Máxime como lo concluyó el juez constitucional de primera instancia en la decisión objeto de impugnación “…Puestas así las cosas, es preciso reiterar lo expuesto por la jurisprudencia constitucional en el sentido de establecer que no puede asumirse la acción de tutela como un mecanismo de protección alternativo, y en el presente asunto, al confrontar los requisitos constitucionales que enseña la jurisprudencia parcialmente transcrita con los supuestos de hecho de la acción como ya se anotó no se agotaron ni se han agotado todos los mecanismos de defensa judicial al alcancé –sic del accionante”.
En este orden de ideas, y sin que se hagan necesarias otras consideraciones, no hay lugar a revocar la decisión impugnada.
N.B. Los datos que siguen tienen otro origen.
Definition path_arc (p q : V * V * V) : bool :=
  let: (a, b, c) := p in let: (x, y, z) := q in
  [&& delta_arc a b x y, delta_arc a b y z, delta_arc b c x y & delta_arc b c y z].

Definition pverts (p : V * V * V) : {set V} := let: (a, b, c) := p in [set a; b; c].

Definition double_cycle (k : nat) (C : 'I_k -> V * V * V) : Prop :=
  2 <= k /\
  (forall i, let: (a, b, c) := C i in mpath a b c) /\
  (forall i j, i != j -> pverts (C i) != pverts (C j)) /\
  (forall i, path_arc (C i) (C (ordS i))).

Definition KC (k : nat) (C : 'I_k -> V * V * V) : {set V} := \bigcup_(i < k) pverts (C i).

End Defs.

From mathcomp Require Import all_boot zify.
Set Implicit Arguments. Unset Strict Implicit. Unset Printing Implicit Defensive.

(* Fix w outside K(C).  Missing edges never leave a missing path, so w is
   adjacent to all of K(C).  If xy loses to ab (labelled x -> a, y -> b) and
   x -> w, then b -> w, for otherwise x -> w -> b puts b in N^+(x) u N^++(x).
   Hence the number of arcs from an edge into w cannot decrease along an arc
   of Delta(D); around the double cycle it is constant and the same for ab
   and bc.  Count 0 or 2 puts all of K(C) on one side of w.  Count 1 is
   impossible: choosing s_i -> w in the i-th path, the same argument gives
   s_(i+1) -> s_i with no 2-path from s_i to s_(i+1), and such a cyclic
   sequence of pairwise adjacent vertices cannot exist. *)

Section CyclicIndex.
Variable k : nat.

Lemma val_iter_ordS m (i : 'I_k) : val (iter m (@ordS k) i) = (i + m) %% k.
Proof.
elim: m => [|m IH] /=; first by rewrite addn0 modn_small.
by rewrite IH addnS -addn1 modnDml addn1.
Qed.

Lemma iter_ordS_k (i : 'I_k) : iter k (@ordS k) i = i.
Proof. by apply: val_inj; rewrite val_iter_ordS modnDr modn_small. Qed.

Lemma iter_ordS_neq m (i : 'I_k) : 0 < m < k -> iter m (@ordS k) i != i.
Proof.
move=> /andP [m0 mk]; apply/eqP => /(congr1 val); rewrite val_iter_ordS /=.
have := ltn_ord i; case: (ltnP (i + m) k) => [im _|im ik].
  by rewrite modn_small //; lia.
have -> : i + m = (i + m - k) + k by lia.
by rewrite modnDr modn_small; lia.
Qed.

Lemma ordS_neq (i : 'I_k) : 1 < k -> ordS i != i.
Proof. exact: (iter_ordS_neq (m := 1)). Qed.

Lemma iter_ordS_onto (i j : 'I_k) : exists m, iter m (@ordS k) i = j.
Proof.
exists (j + (k - i)); apply: val_inj; rewrite val_iter_ordS.
have -> : i + (j + (k - i)) = j + k by have := ltn_ord i; lia.
by rewrite modnDr modn_small.
Qed.

Lemma ordS_nondecreasing_const (f : 'I_k -> nat) :
  (forall i, f i <= f (ordS i)) -> forall i j, f i = f j.
Proof.
move=> f_ordS.
have f_iter m i : f i <= f (iter m (@ordS k) i).
  by elim: m => //= m IH; apply: leq_trans IH (f_ordS _).
move=> i j; apply/eqP; rewrite eqn_leq.
have [m Ej] := iter_ordS_onto i j; have [m' Ei] := iter_ordS_onto j i.
by apply/andP; split; [rewrite -Ej | rewrite -Ei]; apply: f_iter.
Qed.

End CyclicIndex.

(* Induction on m shows s_(i+m) -> s_i for 0 < m < k: if instead
   s_i -> s_(i+m+1), then s_i -> s_(i+m+1) -> s_(i+1) is a forbidden 2-path.
   For m = k - 1 this contradicts s_i -> s_(i-1). *)
Lemma back_cycle_not_2path_free (T : Type) (r : rel T) k (s : 'I_k -> T) :
  1 < k -> (forall x y, r x y -> ~~ r y x) ->
  (forall i j, i != j -> r (s i) (s j) || r (s j) (s i)) ->
  (forall i, r (s (ordS i)) (s i)) ->
  ~ (forall i u, ~~ (r (s i) u && r u (s (ordS i)))).
Proof.
move=> k2 asym adj back no2.
have iter_back m : 0 < m < k -> forall i, r (s (iter m (@ordS k) i)) (s i).
  elim: m => [//|m IH] /andP [_ mk] i.
  have [->|m0] := posnP m; first exact: back.
  have mk1 : 0 < m < k by rewrite m0 ltnW.
  have /orP [//|fwd] := adj _ _ (iter_ordS_neq i (m:=m.+1) mk).
  have := IH mk1 (ordS i); rewrite -iterSr => bwd.
  by move: (no2 i (s (iter m.+1 (@ordS k) i))); rewrite fwd bwd.
have k1 : 0 < k.-1 < k by lia.
pose i0 := Ordinal (ltnW k2).
have := iter_back _ k1 (ordS i0); rewrite -iterSr prednK ?(ltnW k2) // iter_ordS_k.
by move/asym; rewrite back.
Qed.

Section LosingEdges.
Variables (V : finType) (arc : rel V).

Definition adjacent (x y : V) : bool := arc x y || arc y x.

Definition arcs_into (w x y : V) : nat := arc x w + arc y w.

Lemma missingC x y : missing arc x y = missing arc y x.
Proof. by rewrite /missing eq_sym andbAC. Qed.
En mérito de lo expuesto, la Corte Suprema de Justicia, Sala de Casación Laboral, administrando justicia en nombre de la República de Colombia y por autoridad de la ley, RESUELVE 1-. CONFIRMAR el fallo de tutela proferido por la SALA LABORAL DEL TRIBUNAL SUPERIOR DE BOGOTÁ, el 20 de agosto de 2010, dentro de la acción instaurada por el accionante contra el JUZGADO SEGUNDO LABORAL DEL CIRCUITO de la misma ciudad, CITI COLFONDOS S.A. y AEROVÍAS NACIONALES DE COLOMBIA S.A. - AVIANCA. 2-.
COMUNICAR a los interesados en la forma prevista por el artículo 30 del Decreto 2591 de 1991. 3-. ENVIAR el expediente a la Corte Constitucional para su eventual revisión.
NOTIFÍQUESE Y CÚMPLASE EDUARDO LÓPEZ VILLEGAS ELSY DEL PILAR CUELLO CALDERÓN GUSTAVO JOSÉ GNECCO MENDOZA LUIS JAVIER OSORIO LÓPEZ FRANCISCO JAVIER RICAURTE GÓMEZ CAMILO TARQUINO GALLEGO SALVAMENTO DE VOTO MAGISTRADO GUSTAVO JOSÉ GNECCO MENDOZA No comparto la decisión adoptada, porque en mi opinión la acción de tutela no procede contra providencias judiciales, en virtud de los principios de autonomía e independencia de los jueces, columna vertebral de todo Estado de Derecho, tal como durante mucho tiempo y de manera pacífica y reiterada lo consideró esta Sala de la Corte Suprema de Justicia, con apoyo en varios argumentos jurídicos sólidos que mantienen plena vigencia. Para no abundar en esas serias razones, suficientemente conocidas y que ahora no son compartidas por la mayoría, estimo suficiente remitirme a lo que argumentó la Sala en fallo del 29 de octubre de 1998: “Conforme lo ha dicho en múltiples ocasiones esta Sala de la Corte Suprema de Justicia, la declaración de inconstitucionalidad de los artículos 11, 12 y 40 del Decreto 2591 de 1991, en los cuales se permitía el ejercicio de la acción de tutela contra providencias judiciales, retiró de nuestro ordenamiento jurídico el único aparente fundamento que existía para la procedencia de dicha acción contra cualquier providencia que en desarrollo de un proceso o actuación judicial se profiera.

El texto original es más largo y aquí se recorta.